The outer surface of a hollow sphere of radius \(r_{2}\) is subjected to a uniform heat flux \(q_{2}^{\prime \prime}\). The inner surface at \(r_{1}\) is held at a constant temperature \(T_{s, 1}\). (a) Develop an expression for the temperature distribution \(T(r)\) in the sphere wall in terms of \(q_{2}^{\prime \prime}, T_{s, 1}, r_{1}, r_{2}\), and the thermal conductivity of the wall material \(k\). (b) If the inner and outer tube radii are \(r_{1}=50 \mathrm{~mm}\) and \(r_{2}=100 \mathrm{~mm}\), what heat flux \(q_{2}^{\prime \prime}\) is required to maintain the outer surface at \(T_{s, 2}=50^{\circ} \mathrm{C}\), while the inner surface is at \(T_{s, 1}=20^{\circ} \mathrm{C}\) ? The thermal conductivity of the wall material is \(k=10 \mathrm{~W} / \mathrm{m} \cdot \mathrm{K}\).

Short Answer

Expert verified
(a) The temperature distribution T(r) in the sphere wall is given by: \(T(r)=-\frac{C_1}{k}r+C_2\frac{1}{r}+C_3\) (b) The heat flux \(q_{2}^{\prime \prime}\) required to maintain the given conditions is: \(q_{2}^{\prime \prime}=k\left(\frac{C_1}{r_2^2}-\frac{C_2}{r_2^3}\right)\)

Step by step solution

01

Part (a): Develop an expression for the temperature distribution T(r)

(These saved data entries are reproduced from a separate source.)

(* The three error terms: the root, the levels <= N (two rounding errors, weight at most
   [weight k N]), and the levels > N, where the truncation is constant on edges. *)
Lemma normk_sub_truncation (f q : T -> C) N delta M : 0 <= delta -> 0 <= M ->
  (forall u, (depth T u <= N)%nat -> Cmod (Cminus (f u) (q u)) <= delta) ->
  (forall v, v <> o -> (N < depth T v)%nat -> wt T k v * Df T f v <= M) ->
  normk T k (fsub T f (fun w => q (ancestor N w))) <= delta + (2 * delta * weight k N + M).
Proof.
  intros Hdelta HM Hq Htail. pose proof (weight_nonneg k N).
  eapply Rle_trans; [apply normk_le|].
  - instantiate (1 := 2 * delta * weight k N + M). nra.
  - intros v Hv. unfold Df, fsub. cbv beta.
    destruct (Nat.le_gt_cases (depth T v) N) as [Hle|Hlt].
    + rewrite (ancestor_id N v), (ancestor_id N (par v)) by (rewrite ?depth_parent; lia).
      assert (Hdiff : Cmod (Cminus (Cminus (f v) (q v)) (Cminus (f (par v)) (q (par v)))) <= 2 * delta).
      { replace (Cminus (Cminus (f v) (q v)) (Cminus (f (par v)) (q (par v))))
          with (Cplus (Cminus (f v) (q v)) (Copp (Cminus (f (par v)) (q (par v))))) by ring.
        eapply Rle_trans; [apply Cmod_triangle|]. rewrite Cmod_opp.
        pose proof (Hq v Hle). pose proof (Hq (par v) ltac:(rewrite depth_parent; lia)). lra. }
      pose proof (wt_le_weight v N Hle).
      assert (wt T k v * Cmod (Cminus (Cminus (f v) (q v)) (Cminus (f (par v)) (q (par v))))
              <= weight k N * (2 * delta))
        by (apply Rmult_le_compat; [apply wt_nonneg | apply Cmod_ge_0 | assumption | assumption]).
      lra.
    + rewrite (ancestor_parent N v Hlt).
      replace (Cminus (Cminus (f v) (q (ancestor N v))) (Cminus (f (par v)) (q (ancestor N v))))
        with (Cminus (f v) (f (par v))) by ring.
      specialize (Htail v Hv Hlt). unfold Df in Htail. nra.
  - unfold fsub. rewrite ancestor_id by (rewrite depth_root; lia).
    pose proof (Hq o ltac:(rewrite depth_root; lia)). lra.
Qed.
(* Let $(H,\theta)$ be a strengthened arity. For every $\omega$-cocontinuous monad $R=(R,\mu,\eta)$ on ${\mathsf{Set}}$ and every $\omega$-cocontinuous $R$-module $(M,\rho^M)$, define $\rho^{H(M)}\colon H(M)\cdot R\to H(M)$ by $\rho^{H(M)}:=H(\rho^M)\circ\theta_{M,(R,\eta)}$. Then $(H(M),\rho^{H(M)})$ is an $R$-module, and this construction (sending a morphism $(f,m)\colon(R,M)\to(S,N)$ of $\mathrm{BMod}^\omega$ to $(f,H(m))$) upgrades $H$ into a module transformer, i.e., an endofunctor $\hat H$ of $\mathrm{BMod}^\omega$ commuting with the forgetful functor $\mathrm{BMod}^\omega\to\mathrm{Mon}^\omega$.
   Context: Conventions: for endofunctors $F,G$ of ${\mathsf{Set}}$, $F\cdot G$ denotes $F\circ G$; whiskering is written $F\alpha$, $\alpha F$. An endofunctor is $\omega$-cocontinuous if it preserves colimits of $\omega$-chains; $\mathrm{End}^\omega({\mathsf{Set}})$ is the category of such endofunctors. $\mathrm{End}^\omega_*({\mathsf{Set}})$ is the category of pointed $\omega$-cocontinuous endofunctors $(F,e)$, $e\colon I\to F$ a natural transformation from the identity functor $I$; morphisms $f\colon(F_1,e_1)\to(F_2,e_2)$ satisfy $f\circ e_1=e_2$. Pointed endofunctors compose as $(Z_1,e_1)\cdot(Z_2,e_2)=(Z_1\cdot Z_2,e_1\cdot e_2)$ with $e_1\cdot e_2$ the horizontal composite. A strengthened arity is a pair $(H,\theta)$ where $H$ is an $\omega$-cocontinuous endofunctor of $\mathrm{End}^\omega({\mathsf{Set}})$ and $\theta$ is a natural transformation with components $\theta_{X,(Z,e)}\colon H(X)\cdot Z\to H(X\cdot Z)$, natural in $X\in\mathrm{End}^\omega({\mathsf{Set}})$ and $(Z,e)\in\mathrm{End}^\omega_*({\mathsf{Set}})$, such that $\theta_{X,(I,1_I)}=1_{H(X)}$ and $\theta_{X,(Z_1\cdot Z_2,e_1\cdot e_2)}=\theta_{X\cdot Z_1,(Z_2,e_2)}\circ(\theta_{X,(Z_1,e_1)}Z_2)$ for all $X,(Z_1,e_1),(Z_2,e_2)$. Modules: for a monad $R=(R,\mu,\eta)$ on ${\mathsf{Set}}$, an $R$-module is a functor $M\colon{\mathsf{Set}}\to{\mathsf{Set}}$ with $\rho^M\colon M\cdot R\to M$ satisfying $\rho^M\circ\rho^MR=\rho^M\circ M\mu$ and $\rho^M\circ M\eta=1_M$; module morphisms are natural transformations commuting with actions. For a monad morphism $f\colon R\to S$ and $S$-module $N$, $f^*N$ is $N$ with $R$-action $\rho^N\circ Nf$. $\mathrm{Mon}^\omega$ is the category of monads on ${\mathsf{Set}}$ with $\omega$-cocontinuous underlying functor. $\mathrm{BMod}^\omega$ has objects $(R,M)$, $R\in\mathrm{Mon}^\omega$, $M$ an $\omega$-cocontinuous $R$-module, and morphisms $(f,m)\colon(R,M)\to(S,N)$ with $f$ a monad morphism and $m\colon M\to f^*N$ an $R$-module morphism. *)

(* The category Set is modelled by a universe
   [Type]; endofunctors of Set are records of object map + morphism map,
   natural transformations are families of functions. *)
From Stdlib Require Import FunctionalExtensionality.

Set Primitive Projections.

Record FData : Type := mkF {
  fob :> Type -> Type;
  fmap : forall A B : Type, (A -> B) -> fob A -> fob B }.
Arguments fmap _ {A B} _ _.

Definition is_functor (F : FData) : Prop :=
  (forall A (x : F A), fmap F (fun a : A => a) x = x) /\
  (forall A B C (f : A -> B) (g : B -> C) (x : F A),
      fmap F (fun a => g (f a)) x = fmap F g (fmap F f x)).

Definition Fcomp (F G : FData) : FData :=
  mkF (fun A => F (G A)) (fun A B f => fmap F (fmap G f)).
Definition Fid : FData := mkF (fun A => A) (fun A B f => f).

Record chain : Type := mkChain {
  ch_ob : nat -> Type;
  ch_map : forall n, ch_ob n -> ch_ob (S n) }.

Definition is_cocone (c : chain) (L : Type) (inj : forall n, ch_ob c n -> L) : Prop :=
  forall n x, inj (S n) (ch_map c n x) = inj n x.

Definition is_colimit (c : chain) (L : Type) (inj : forall n, ch_ob c n -> L) : Prop :=
  is_cocone c L inj /\
  forall (C : Type) (k : forall n, ch_ob c n -> C), is_cocone c C k ->
    exists u : L -> C, (forall n x, u (inj n x) = k n x) /\
      (forall u' : L -> C, (forall n x, u' (inj n x) = k n x) -> forall y, u' y = u y).

Definition map_chain (F : FData) (c : chain) : chain :=
  mkChain (fun n => F (ch_ob c n)) (fun n => fmap F (ch_map c n)).

Definition omega_cocont (F : FData) : Prop :=
  forall (c : chain) (L : Type) (inj : forall n, ch_ob c n -> L),
    is_colimit c L inj ->
    is_colimit (map_chain F c) (F L) (fun n => fmap F (inj n)).

Definition IsCF (F : FData) : Prop := is_functor F /\ omega_cocont F.

Definition NTd (F G : FData) : Type := forall A : Type, F A -> G A.

Definition natural {F G : FData} (a : NTd F G) : Prop :=
  forall A B (f : A -> B) (x : F A), a B (fmap F f x) = fmap G f (a A x).

Definition NTid (F : FData) : NTd F F := fun A x => x.
Definition NTcomp {F G K : FData} (b : NTd G K) (a : NTd F G) : NTd F K :=
  fun A x => b A (a A x).
Definition whiskR {X X' : FData} (a : NTd X X') (Z : FData) : NTd (Fcomp X Z) (Fcomp X' Z) :=
  fun A => a (Z A).
Definition whiskL (X : FData) {Z Z' : FData} (f : NTd Z Z') : NTd (Fcomp X Z) (Fcomp X Z') :=
  fun A => fmap X (f A).
Definition hcomp {Z1 Z2 : FData} (e1 : NTd Fid Z1) (e2 : NTd Fid Z2) : NTd Fid (Fcomp Z1 Z2) :=
  fun A a => e1 (Z2 A) (e2 A a).

Lemma natural_id (F : FData) : natural (NTid F).
Proof. intros A B f x. reflexivity. Qed.

Lemma natural_comp {F G K : FData} {a : NTd F G} {b : NTd G K} :
  natural a -> natural b -> natural (NTcomp b a).
Proof. intros na nb A B f x. unfold NTcomp. rewrite na. apply nb. Qed.

Lemma natural_whiskR {X X' : FData} {a : NTd X X'} (na : natural a) (Z : FData) :
  natural (whiskR a Z).
Proof. intros A B f x. unfold whiskR. apply na. Qed.

Lemma natural_whiskL {X : FData} (hX : is_functor X) {Z Z' : FData} {f : NTd Z Z'} :
  natural f -> natural (whiskL X f).
Proof.
  intros nf A B g x. unfold whiskL; simpl.
  destruct hX as [_ hc].
  rewrite <- !hc. f_equal. apply functional_extensionality. intro y. apply nf.
Qed.

Lemma natural_hcomp {Z1 Z2 : FData} {e1 : NTd Fid Z1} {e2 : NTd Fid Z2} :
  natural e1 -> natural e2 -> natural (hcomp e1 e2).
Proof.
  intros n1 n2 A B f x. unfold hcomp; simpl.
  change (e1 (Z2 B) (e2 B (fmap Fid f x)) = fmap Z1 (fmap Z2 f) (e1 (Z2 A) (e2 A x))).
  rewrite (n2 A B f x). apply (n1 _ _ (fmap Z2 f) (e2 A x)).
Qed.

Lemma IsCF_id : IsCF Fid.
Proof.
  split. split; reflexivity.
  intros c L inj H. exact H.
Qed.

Lemma IsCF_comp {F G : FData} : IsCF F -> IsCF G -> IsCF (Fcomp F G).
Proof.
  intros [[F1 F2] cF] [[G1 G2] cG]. split. split.
  - intros A x; simpl.
    replace (fmap G (fun a : A => a)) with (fun y : G A => y).
    + apply F1.
    + apply functional_extensionality; intro y; symmetry; apply G1.
  - intros A B C f g x; simpl.
    replace (fmap G (fun a => g (f a))) with (fun y => fmap G g (fmap G f y)).
    + apply F2.
    + apply functional_extensionality; intro y; symmetry; apply G2.
  - intros c L inj H.
    exact (cF _ _ _ (cG c L inj H)).
Qed.

(* ---------- restricting domains to End^omega(Set) ----------
   Functions defined only on omega-cocontinuous functors (resp. natural
   transformations) take a proof of that fact, squashed into SProp, so that
   the result only depends on the functor (resp. transformation) itself. *)

Inductive Squash (P : Prop) : SProp := squash : P -> Squash P.
Arguments squash {P} _.

Definition sq_comp {X Z : FData} (sx : Squash (IsCF X)) (sz : Squash (IsCF Z)) :
  Squash (IsCF (Fcomp X Z)) :=
  match sx with squash px => match sz with squash pz => squash (IsCF_comp px pz) end end.

Record fchain : Type := mkFChain {
  fc_ob : nat -> FData;
  fc_map : forall n, NTd (fc_ob n) (fc_ob (S n)) }.

Record fchain_ok (c : fchain) : Prop := {
  fc_cf : forall n, IsCF (fc_ob c n);
  fc_nat : forall n, natural (fc_map c n) }.
Arguments fc_cf {c} _ n.
Arguments fc_nat {c} _ n.

Definition is_fcocone (c : fchain) (L : FData) (inj : forall n, NTd (fc_ob c n) L) : Prop :=
  (forall n, natural (inj n)) /\
  (forall n A x, inj (S n) A (fc_map c n A x) = inj n A x).

Definition is_fcolimit (c : fchain) (L : FData) (inj : forall n, NTd (fc_ob c n) L) : Prop :=
  IsCF L /\ is_fcocone c L inj /\
  forall (C : FData) (k : forall n, NTd (fc_ob c n) C), IsCF C -> is_fcocone c C k ->
    exists u : NTd L C, natural u /\ (forall n A x, u A (inj n A x) = k n A x) /\
      (forall u' : NTd L C, natural u' -> (forall n A x, u' A (inj n A x) = k n A x) ->
         forall A y, u' A y = u A y).

Definition Hchain
  (Hob : forall X : FData, Squash (IsCF X) -> FData)
  (Hmap : forall (X : FData) (sx : Squash (IsCF X)) (Y : FData) (sy : Squash (IsCF Y))
            (a : NTd X Y), Squash (natural a) -> NTd (Hob X sx) (Hob Y sy))
  (c : fchain) (hc : fchain_ok c) : fchain :=
  mkFChain (fun n => Hob (fc_ob c n) (squash (fc_cf hc n)))
           (fun n => Hmap _ (squash (fc_cf hc n)) _ (squash (fc_cf hc (S n)))
                          (fc_map c n) (squash (fc_nat hc n))).

Record arity : Type := {
  Hob : forall X : FData, Squash (IsCF X) -> FData;
  Hmap : forall (X : FData) (sx : Squash (IsCF X)) (Y : FData) (sy : Squash (IsCF Y))
           (a : NTd X Y), Squash (natural a) -> NTd (Hob X sx) (Hob Y sy);
  H_cf : forall X (px : IsCF X), IsCF (Hob X (squash px));
  H_nat : forall X (px : IsCF X) Y (py : IsCF Y) (a : NTd X Y) (na : natural a),
      natural (Hmap X (squash px) Y (squash py) a (squash na));
  H_id : forall X (px : IsCF X) A x,
      Hmap X (squash px) X (squash px) (NTid X) (squash (natural_id X)) A x = x;
  H_comp : forall X (px : IsCF X) Y (py : IsCF Y) Z (pz : IsCF Z)
      (a : NTd X Y) (b : NTd Y Z) (na : natural a) (nb : natural b) A x,
      Hmap X (squash px) Z (squash pz) (NTcomp b a) (squash (natural_comp na nb)) A x
      = Hmap Y (squash py) Z (squash pz) b (squash nb) A
          (Hmap X (squash px) Y (squash py) a (squash na) A x);
  H_cocont : forall (c : fchain) (hc : fchain_ok c) (L : FData) (pL : IsCF L)
      (inj : forall n, NTd (fc_ob c n) L) (ninj : forall n, natural (inj n)),
      is_fcolimit c L inj ->
      is_fcolimit (Hchain Hob Hmap c hc) (Hob L (squash pL))
        (fun n => Hmap _ (squash (fc_cf hc n)) L (squash pL) (inj n) (squash (ninj n))) }.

Let us derive the governing differential equation for the heat conduction in spherical coordinates. We have: \(\frac{d}{dr}\left(kr^{2}\frac{dT}{dr}\right)=0\) Rearrange and integrate once: \(k r^2 \frac{dT}{dr}=C_{1}\) Where \(C_1\) is the integration constant. Now, divide by \(kr^2\) and integrate again: \(\int \frac{1}{r^{2}} dT=\int \frac{C_{1}}{k} dr\) \(-\frac{1}{r}+C_{2}=\frac{C_{1}}{k}r+C_{3}\) Rearrange the terms, we get \(T(r) = -\frac{C_1}{k}r + C_2\frac{1}{r} + C_3\) To find the constants \(C_1, C_2\), and \(C_3\), we can use the given boundary conditions: 1. When \(r=r_{1}\), \(T=T_{s, 1}\) 2. When \(r=r_{2}\), heat flux \(q_{2}^{\prime \prime}=-k\frac{dT}{dr}|_{r=r_2}\) Apply boundary condition 1: \(T_{s, 1} = -\frac{C_1}{k}r_1 + C_2\frac{1}{r_1} + C_3\) Apply boundary condition 2: \(q_{2}^{\prime \prime}=k\frac{dT}{dr}|_{r=r_2} =q_{2}^{\prime \prime}=k\left(\frac{C_1}{r_2^2}-\frac{C_2}{r_2^3}\right)\) Now solve the system of linear equations for \(C_1\), \(C_2\), and \(C_3\). Finally, substitute the values of the constants in the expression for T(r): \(T(r)=-\frac{C_1}{k}r+C_2\frac{1}{r}+C_3\)
02

Part (b): Calculate the heat flux q2''

Given values: \(r_1 = 50 \mathrm{~mm}= 0.05 \mathrm{~m}\) \(r_2 = 100 \mathrm{~mm}= 0.1 \mathrm{~m}\) \(T_{s, 1} = 20^{\circ} \mathrm{C}\) \(T_{s, 2} = 50^{\circ} \mathrm{C}\) \(k = 10 \mathrm{~W} / \mathrm{m} \cdot \mathrm{K}\) First, we need to calculate the values of the constants \(C_1, C_2\), and \(C_3\) using the given values and the equations we derived in part (a). Then, use the boundary condition 2: \(q_{2}^{\prime \prime}=k\frac{dT}{dr}|_{r=r_2} =q_{2}^{\prime \prime}=k\left(\frac{C_1}{r_2^2}-\frac{C_2}{r_2^3}\right)\) Plug the values of \(C_1, C_2, k, r_2\) into the above equation, and solve for \(q_{2}^{\prime \prime}\).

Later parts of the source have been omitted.